Downstream earnings were US$906 million, down US$761 million from the 1Q15. Weaker margins decreased earnings by US$860 million. Volume and mix effects increased earnings by US$10 million. All other items, primarily favourable foreign exchange effects, increased earnings by US$90 million. Petroleum product sales of 5.3 million bpd were 480 000 bpd lower than the prior year’s first quarter.

Earnings from the US Downstream were US$187 million, down US$380 million from the 1Q15. Non-US Downstream earnings of US$719 million were US$381 million lower than last year.

Chemical earnings of US$1.4 billion were US$373 million higher than the 1Q15. Improved margins increased earnings by US$250 million. Favourable volume and mix effects increased earnings by US$80 million. All other items, primarily lower expenses, increased earnings by US$40 million. First quarter prime product sales of 6.2 million t were 104 000 t higher than last year's first quarter.

Corporate and financing expenses were US$375 million for the 1Q16, down US$189 million from the 1Q15 due to favourable tax items.

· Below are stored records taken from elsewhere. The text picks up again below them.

(* Let $M$ be an interpretation and $\varphi$ an $\mathcal{ALC}$-formula. Then $\mathrm{Mod}(\varphi)\setminus[M]_\varphi=\mathrm{Mod}(\mathcal{C}(\varphi,M))$.
   Context: $\mathcal{ALC}$ concepts: $C::=A\mid\neg C\mid(C\sqcap C)\mid\exists r.C$. $\mathcal{ALC}$-formulae: $\phi::=\alpha\mid\neg\phi\mid(\phi\wedge\phi)$, atomic $\alpha::=C(a)\mid r(a,b)\mid(C=\top)$; $\neg\neg\psi$ identified with $\psi$; $\vee,\bot$ usual abbreviations. A literal is an atomic formula or its negation. Interpretations: countable nonempty domain, standard semantics; $\mathrm{Mod}(\varphi)$: interpretations satisfying $\varphi$. $\mathrm{Sub}(\alpha)=\mathrm{Sub}(\neg\alpha)=\{\alpha,\neg\alpha\}$ for atomic $\alpha$; $\mathrm{Sub}(\psi\wedge\psi')=\mathrm{Sub}(\neg(\psi\wedge\psi'))=\{\psi\wedge\psi',\neg(\psi\wedge\psi')\}\cup\mathrm{Sub}(\psi)\cup\mathrm{Sub}(\psi')$. $\mathrm{con}(\varphi)$: smallest set of concepts containing $C$ whenever $(C=\top)$ or $C(a)$ is in $\mathrm{Sub}(\varphi)$, closed under subconcepts of $\sqcap$, $\exists r.\cdot$, and single negation. $\mathrm{ind}(\varphi)$: individual names in $\varphi$. Concept type: $c\subseteq\mathrm{con}(\varphi)$ with $D\in c$ iff $\neg D\notin c$, $D\sqcap E\in c$ iff $\{D,E\}\subseteq c$. Formula type for $\varphi$: $f\subseteq\mathrm{Sub}(\varphi)$ with $\psi\in f$ iff $\neg\psi\notin f$, $\psi\wedge\psi'\in f$ iff $\{\psi,\psi'\}\subseteq f$. Model candidate $(T,o,f)$: $T$ set of concept types, $o:\mathrm{ind}(\varphi)\to T$, $f$ formula type with $\varphi\in f$, $C(a)\in f\Rightarrow C\in o(a)$, $r(a,b)\in f\Rightarrow\{\neg C\mid\neg\exists r.C\in o(a)\}\subseteq o(b)$. Quasimodel: model candidate where each $\exists r.D\in c\in T$ has $c'\in T$ with $\{D\}\cup\{\neg E\mid\neg\exists r.E\in c\}\subseteq c'$; $\neg C\in c\in T$ implies $(C=\top)\notin f$; $\neg(C=\top)\in f$ implies some $c\in T$ has $C\notin c$; $T\ne\emptyset$. $\mathrm{ftypes}(\varphi)=\{f\mid(T,o,f)$ quasimodel for $\varphi\}$. $\mathrm{qm}(\varphi,I)=(T,o,f)$ with $T=\{c(x)\mid x\in\Delta^I\}$, $c(x)=\{C\in\mathrm{con}(\varphi)\mid x\in C^I\}$, $o(a)=c(a^I)$, $f=\{\psi\in\mathrm{Sub}(\varphi)\mid I\models\psi\}$. $\mathrm{lit}(f)$: literals in $f$. $\mathrm{qfilter}(\varphi,M)=\mathrm{ftypes}(\varphi)\setminus\{f\}$ where $\mathrm{qm}(\varphi,M)=(T,o,f)$. $\mathcal{C}(\varphi,M)=\bigvee_{f\in\mathrm{qfilter}(\varphi,M)}\bigwedge\mathrm{lit}(f)$ if $M\models\varphi$ and $\mathrm{qfilter}(\varphi,M)\ne\emptyset$; $\bot$ if $M\models\varphi$ and $\mathrm{qfilter}(\varphi,M)=\emptyset$; $\varphi$ otherwise. $\mathcal{L}_{lit}(\varphi)$: Boolean combinations of atomic formulae occurring in $\varphi$; $M'\equiv_\varphi M$ iff they satisfy the same formulae of $\mathcal{L}_{lit}(\varphi)$; $[M]_\varphi=\{M'\mid M'\equiv_\varphi M\}$. *)

From Stdlib Require Import List Classical ClassicalDescription.
Import ListNotations.

Inductive concept : Type :=
| CAtom (A : nat)
| CNeg (C : concept)
| CAnd (C D : concept)
| CEx (r : nat) (C : concept).

(* atomic formulae: C(a), r(a,b), (C = T) *)
Inductive atom : Type :=
| AConc (C : concept) (a : nat)
| ARole (r a b : nat)
| ATop (C : concept).

Inductive formula : Type :=
| FAtom (al : atom)
| FNeg (p : formula)
| FAnd (p q : formula).

Record interp : Type := {
  dom : Type;
  dom_inhabited : inhabited dom;
  dom_countable : exists f : dom -> nat, forall x y, f x = f y -> x = y;
  conc_int : nat -> dom -> Prop;
  role_int : nat -> dom -> dom -> Prop;
  ind_int : nat -> dom }.

Fixpoint cint (I : interp) (C : concept) (x : dom I) : Prop :=
  match C with
  | CAtom A => conc_int I A x
  | CNeg C' => ~ cint I C' x
  | CAnd C1 C2 => cint I C1 x /\ cint I C2 x
  | CEx r C' => exists y, role_int I r x y /\ cint I C' y
  end.

Definition sat_atom (I : interp) (al : atom) : Prop :=
  match al with
  | AConc C a => cint I C (ind_int I a)
  | ARole r a b => role_int I r (ind_int I a) (ind_int I b)
  | ATop C => forall x, cint I C x
  end.

Fixpoint sat (I : interp) (p : formula) : Prop :=
  match p with
  | FAtom al => sat_atom I al
  | FNeg q => ~ sat I q
  | FAnd q1 q2 => sat I q1 /\ sat I q2
  end.

Definition Mod (phi : formula) (I : interp) : Prop := sat I phi.

Definition fneg (p : formula) : formula :=
  match p with FNeg q => q | _ => FNeg p end.
Definition cneg (C : concept) : concept :=
  match C with CNeg D => D | _ => CNeg C end.

(* normal form modulo the identification  ~~psi = psi *)
Fixpoint nf (p : formula) : formula :=
  match p with
  | FAtom al => FAtom al
  | FNeg q => fneg (nf q)
  | FAnd q1 q2 => FAnd (nf q1) (nf q2)
  end.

During the 1Q16, Exxon Mobil Corporation purchased nine million shares of its common stock for the treasury at a gross cost of US$726 million. These shares were acquired to offset dilution in conjunction with the company’s benefit plans and programmes. The corporation will continue to acquire shares to offset dilution in conjunction with its benefit plans and programmes, but does not currently plan on making purchases to reduce shares outstanding.